Теперь он был волен во всем сомневаться. Первая его мысль была о матери — и он поверил. Вторая мысль была о себе — и веры не стало. Неужели могло случиться в прошлом нечто такое ужасное, такое, как он теперь почувствовал, оскорбительное для него самого? Может, и есть какие-то письма, но еще не сказано, что они так уж важны или не могут быть истолкованы как совершенно безобидные. Может, Милли не захотела бы, а то и не смогла бы выполнить свою угрозу. А может, она с дьявольской находчивостью просто все выдумала, чтобы припугнуть его. Попозже надо будет зайти на Верхнюю Маунт-стрит
Но мысль о Лонгфорде и своем бесчестье увела его глубже. Независимо от всего остального он должен был тогда сразиться с Патом. Должен был презреть револьвер Пата и драться голыми руками. Пат не убил бы его. А если б и убил, все было бы лучше, чем эта, иная смерть. Когда Пат улыбнулся и сказал: «Иначе ты и не мог ответить», они были близки, так близки, как никогда в жизни. В ту минуту их связывали узы благородства, взаимного уважения. Но Эндрю только упомянул о своем долге. А нужно было его выполнить. Нужно было драться тут же, в кухне, собрав все свои силы и мужество. То была встреча, к которой он готовился всю жизнь. Он любил Пата Дюмэй, любил всегда. Схватиться с Патом, не задумываясь об исходе схватки, пусть даже смертельном, было бы последним, лучшим проявлением его любви. Но именно потому, что он всегда обожествлял Пата, пружина в нем сдала. Он не сумел пробудить в себе ту великолепную силу воли, которая бросила бы его, как борца на арене, в объятия Пата. Он опозорил свой мундир, и этого позора не забыть, не загладить никакими будущими подвигами. Сделал он это в конечном счете из-за Пата и ради Пата; сделал то единственное, за что Пат никогда не перестанет его презирать.
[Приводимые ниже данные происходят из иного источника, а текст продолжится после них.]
(* Let $q$ be a prime power and $1\le k\le n-1$. A non-empty set of affine $k$-spaces of $\mathrm{AG}(n,q)$ all contained in a fixed hyperplane of $\mathrm{AG}(n,q)$ is not a Cameron-Liebler $k$-set of $\mathrm{AG}(n,q)$.
   Context: $\mathrm{AG}(n,q)$ is $\mathrm{PG}(n,q)$ with a hyperplane $\pi_\infty$ removed; affine points are points outside $\pi_\infty$, affine $k$-spaces (resp. hyperplanes) are $k$-dimensional (resp. $(n-1)$-dimensional) projective subspaces not contained in $\pi_\infty$. With $A_n$ the incidence matrix of affine points versus affine $k$-spaces, a set of affine $k$-spaces is a Cameron-Liebler $k$-set of $\mathrm{AG}(n,q)$ if its characteristic vector lies in the real row space $\mathrm{Im}(A_n^T)$. *)

From mathcomp Require Import all_boot all_order all_algebra all_field.
From mathcomp Require Import reals.
Set Implicit Arguments. Unset Strict Implicit. Unset Printing Implicit Defensive.
Import GRing.Theory Num.Theory.
Local Open Scope ring_scope.

(* AG(n,q) is modelled as the vector space 'rV[F]_n over a finite field F with
   #|F| = q (so q is automatically a prime power).  Affine points are the row
   vectors; an affine k-space is a coset  a + U  of a k-dimensional linear
   subspace U (given as the row space of a square matrix of rank k). *)

Definition affine_space (F : finFieldType) (n k : nat) (S : {set 'rV[F]_n}) : bool :=
  [exists U : 'M[F]_n, exists a : 'rV[F]_n,
     (\rank U == k) && (S == [set x : 'rV[F]_n | (x - a <= U)%MS])].

Definition affine_hyperplane (F : finFieldType) (n : nat) (H : {set 'rV[F]_n}) : bool :=
  affine_space n.-1 H.

(* incidence matrix A_n: rows = affine points, columns = affine k-spaces *)
Definition incidence (R : realType) (F : finFieldType) (n : nat)
  (p : 'rV[F]_n) (L : {set 'rV[F]_n}) : R := if p \in L then 1 else 0.

Definition charvec (R : realType) (F : finFieldType) (n : nat)
  (S : {set {set 'rV[F]_n}}) (L : {set 'rV[F]_n}) : R := if L \in S then 1 else 0.

(* S is a Cameron-Liebler k-set: its characteristic vector lies in the real
   row space Im(A_n^T) of A_n, i.e. it is a real linear combination of the rows
   of A_n (the rows being indexed by the affine points). *)
Definition cameron_liebler (R : realType) (F : finFieldType) (n k : nat)
  (S : {set {set 'rV[F]_n}}) : Prop :=
  exists c : 'rV[F]_n -> R,
    forall L : {set 'rV[F]_n}, affine_space k L ->
      charvec R S L = \sum_(p : 'rV[F]_n) c p * incidence R p L.

From mathcomp Require Import all_boot all_order all_algebra all_field zify.
From mathcomp Require Import reals.
Set Implicit Arguments. Unset Strict Implicit. Unset Printing Implicit Defensive.
Import Order.TTheory GRing.Theory Num.Theory.
Local Open Scope ring_scope.

(* Summing the defining identity of a Cameron-Liebler set over all translates
   a + U of a fixed k-dimensional direction U (each coset occurs |U| times)
   shows that the number of members of S parallel to U equals the sum of the
   coefficients, independently of U.  A k-space inside the hyperplane b + W has
   its direction inside W, so no member of S is parallel to a k-dimensional
   direction not contained in W: the coefficient sum is 0, contradicting the
   count for the direction of any member of S. *)

Section AffineSpaces.

Variables (F : finFieldType) (n : nat).
Implicit Types (U W : 'M[F]_n) (a b : 'rV[F]_n) (L : {set 'rV[F]_n}).

Definition mxcoset U a : {set 'rV[F]_n} := [set x | (x - a <= U)%MS].

Lemma affine_spaceP k L :
  reflect (exists U : 'M[F]_n, exists2 a : 'rV[F]_n, \rank U = k & L = mxcoset U a)
          (affine_space k L).
Proof.
apply: (iffP existsP) => [[U /existsP [a /andP [/eqP rU /eqP ->]]] | [U [a rU ->]]].
  by exists U, a.
by exists U; apply/existsP; exists a; rewrite rU !eqxx.
Qed.

Lemma mxcoset_refl U a : a \in mxcoset U a.
Proof. by rewrite inE subrr sub0mx. Qed.

Lemma mxcoset_subset_sub U W a b :
  mxcoset U a \subset mxcoset W b -> (U <= W)%MS.
Proof.
move/subsetP=> sub; apply/rV_subP => u uU.
have /sub : a \in mxcoset U a := mxcoset_refl U a.
have /sub : a + u \in mxcoset U a by rewrite inE addrAC subrr add0r.
rewrite !inE => aub ab.
have -> : u = (a + u - b) - (a - b) by rewrite opprB addrA subrK [a + u]addrC addrK.
by rewrite addmx_sub ?eqmx_opp.
Qed.

Lemma exists_rank_not_submx W k :
  (0 < k <= (\rank W).+1)%N -> (\rank W < n)%N ->
  exists2 U : 'M[F]_n, \rank U = k & ~~ (U <= W)%MS.
Proof.
move=> /andP [k_gt0 k_le] W_lt.
have rWC : \rank (W^C)%MS = (n - \rank W)%N by rewrite mxrank_compl.
set V := ((pid_mx 1 : 'M[F]_(n, \rank W^C)) *m row_base W^C)%MS.
set K := (pid_mx k.-1 : 'M[F]_(n, \rank W)) *m row_base W.
have VWC : (V <= W^C)%MS by rewrite (submx_trans (submxMl _ _)) ?eq_row_base.
have KW : (K <= W)%MS by rewrite (submx_trans (submxMl _ _)) ?eq_row_base.
have rV : \rank V = 1%N by rewrite mxrankMfree ?row_base_free // rank_pid_mx; lia.
have VW0 : (V :&: W)%MS = 0.
  by apply/eqP; rewrite -submx0 -(capmx_compl W) capmxC capmxS.
exists (V + K)%MS.
  rewrite mxrank_disjoint_sum; last first.
    by apply/eqP; rewrite -submx0 -VW0 capmxS.
  by rewrite rV mxrankMfree ?row_base_free // rank_pid_mx; lia.
apply: contraTN isT => /(submx_trans (addsmxSl V K)) VW.
by move: rV; rewrite -(capmx_idPl VW) VW0 mxrank0.
Qed.

Lemma card_submx_gt0 (R : numDomainType) U :
  0 < #|[set a : 'rV[F]_n | (a <= U)%MS]|%:R :> R.
Proof. by rewrite ltr0n card_gt0; apply/set0Pn; exists 0; rewrite inE sub0mx. Qed.

Lemma sum_mxcoset_incidence (R : realType) U (c : 'rV[F]_n -> R) :
  \sum_(a : 'rV[F]_n) \sum_(p : 'rV[F]_n) c p * incidence R p (mxcoset U a)
  = #|[set a : 'rV[F]_n | (a <= U)%MS]|%:R * \sum_(p : 'rV[F]_n) c p.
Proof.
rewrite exchange_big mulr_sumr; apply: eq_bigr => p _.
rewrite -mulr_sumr mulrC; congr (_ * _).
have inv : involutive (fun a : 'rV[F]_n => p - a) by move=> a; rewrite opprB addrC subrK.
rewrite (reindex_inj (inv_inj inv)) -sum1_card natr_sum [RHS]big_mkcond /=.
by apply: eq_bigr => a _; rewrite /incidence !inE opprB addrC subrK.
Qed.

Lemma cameron_liebler_parallel_count (R : realType) k (S : {set {set 'rV[F]_n}}) :
  cameron_liebler R k S ->
  exists s : R, forall U, \rank U = k ->
    \sum_(a : 'rV[F]_n) charvec R S (mxcoset U a)
    = #|[set a : 'rV[F]_n | (a <= U)%MS]|%:R * s.
Proof.
move=> [c CL]; exists (\sum_p c p) => U rU.
rewrite -sum_mxcoset_incidence; apply: eq_bigr => a _.
by apply: CL; apply/affine_spaceP; exists U, a.
Qed.

End AffineSpaces.

Theorem lemma6p2 (R : realType) (F : finFieldType) (n k : nat)
  (hk1 : (1 <= k)%N) (hkn : (k <= n - 1)%N)
  (S : {set {set 'rV[F]_n}})
  (hS : forall L, L \in S -> affine_space k L)
  (hne : S != set0)
  (H : {set 'rV[F]_n}) (hH : affine_hyperplane H)
  (hSH : forall L, L \in S -> L \subset H) :
  ~ cameron_liebler R k S.
Proof.
move=> /cameron_liebler_parallel_count [s parallel_count].
case/set0Pn: hne => L0 L0S.
have /affine_spaceP [U0 [a0 rU0 defL0]] := hS _ L0S.
have /affine_spaceP [W [b rW defH]] := hH.
have [U1 rU1 U1W] : exists2 U1 : 'M[F]_n, \rank U1 = k & ~~ (U1 <= W)%MS.
  by apply: exists_rank_not_submx; rewrite rW; lia.
have s0 : s = 0.
  apply/eqP; rewrite -(mulrI_eq0 _ (lregP (lt0r_neq0 (card_submx_gt0 R U1)))).
  rewrite -parallel_count // big1 // => a _; rewrite /charvec ifF //.
  apply: contraNF U1W => /hSH; rewrite defH; exact: mxcoset_subset_sub.
have : 0 < \sum_a charvec R S (mxcoset U0 a).
  rewrite (bigD1 a0) //= -defL0 /charvec L0S ltr_pwDl // sumr_ge0 // => a _.
  by case: ifP.
by rewrite parallel_count // s0 mulr0 ltxx.
Qed.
Эндрю очнулся — оказалось, что он все еще держит Кэтела за руку. Он взглянул на Кэтела. Лицо у мальчика было отрешенное, покрасневшее, залитое слезами. Эндрю почувствовал, что и сам сейчас расплачется. Он сказал:
— Пойдем, Кэтел, надо найти кого-нибудь, кто бы снял с нас эту штуку. Ты не посоветуешь, куда нам пойти?
Он снова потянул мальчика за собой, подальше от грозной, зловещей пустоты Сэквил-стрит.
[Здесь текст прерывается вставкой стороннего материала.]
Lemma sum_dyadic_mu L : \sum_(0 <= i < 2 ^ L) mu i = 1 - T L.
Proof.
elim: L => [|L IH]; first by rewrite expn0 big_nat1 /mu /dyadic_mu eqxx tail0 subrr.
have pow_gt0 : (0 < 2 ^ L)%N by rewrite expn_gt0.
rewrite (big_cat_nat (n := 2 ^ L)) //=; last by rewrite leq_exp2l.
rewrite IH (eq_big_nat _ _ (F2 := fun=> (T L - T L.+1) / (2 ^ L)%:R)); last first.
  move=> i /andP[Li iL]; rewrite /mu /dyadic_mu ifF; last first.
    by apply/negbTE; rewrite -lt0n (leq_trans pow_gt0).
  by rewrite (trunc_log_eq (n := L)) // Li iL.
rewrite sumr_const_nat expnS mul2n -addnn addnK -[(_ / _) *+ _]mulr_natr mulfVK.
  by rewrite addrA subrK.
by rewrite pnatr_eq0 -lt0n.
Qed.

Lemma sum_dyadic_mu_ord L : \sum_(i < 2 ^ L) mu i = 1 - T L.
Proof. by rewrite -(big_mkord xpredT) sum_dyadic_mu. Qed.

Lemma sum_dyadic_mu_block K L : (K <= L)%N ->
  \sum_(i < 2 ^ L) (if (2 ^ K <= i)%N then mu i else 0) = T K - T L.
Proof.
move=> KL; have KL2 : (2 ^ K <= 2 ^ L)%N by rewrite leq_exp2l.
rewrite -(big_mkord xpredT (fun i => if (2 ^ K <= i)%N then mu i else 0)).
rewrite (big_cat_nat (n := 2 ^ K)) //= big_nat_cond big1 ?add0r; last first.
  by move=> i /andP[/andP[_ iK] _]; rewrite leqNgt iK.
rewrite (eq_big_nat _ _ (F2 := mu)); last by move=> i /andP[-> _].
have := sum_dyadic_mu L; rewrite (big_cat_nat (n := 2 ^ K)) //= sum_dyadic_mu.
by move=> sumL; rewrite -[LHS](addKr (1 - T K)) sumL; ring.
Qed.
Они шли рядом, а навстречу им со всех сторон спешили люди, еще и еще, и в солнечном воздухе звучали голоса, теперь громче, увереннее, уже не так удивленно:
— С ума они, что ли, сошли?
— К Святой Троице повезли пушки.
— Канонерку двинули вверх по реке, будут выбивать их оттуда шрапнелью.
— Дай-то Бог, чтобы у них был там священник.
— Дураки несчастные, да поможет им теперь Бог и Пресвятая Матерь его.
— Что ни говори, такого дня Ирландия еще не знала.
ЭПИЛОГ
«Блессингтон-стрит, апрель 1938 г.
Милая Франсис!
Не писала тебе целую вечность, но я совсем сбилась с ног — и общественных обязанностей много, и дом нужно было приготовить для новых жильцов, как будто все и пустяки, а минуты свободной не остается. Джинни, конечно, золото, а ее сын покрасил мне кухню и чулан, очень работящий, порядочный юноша, таких в наше время поискать. Надеюсь, что с новыми жильцами все пойдет хорошо. К прежним я прямо-таки привязалась, мы с ними жили одной большой семьей. Но думаю, что скоро привяжусь и к новым. Не помню, писала ли я тебе, что один из них, тот, что снял обе комнаты наверху, такой симпатичный, был майором в английской армии.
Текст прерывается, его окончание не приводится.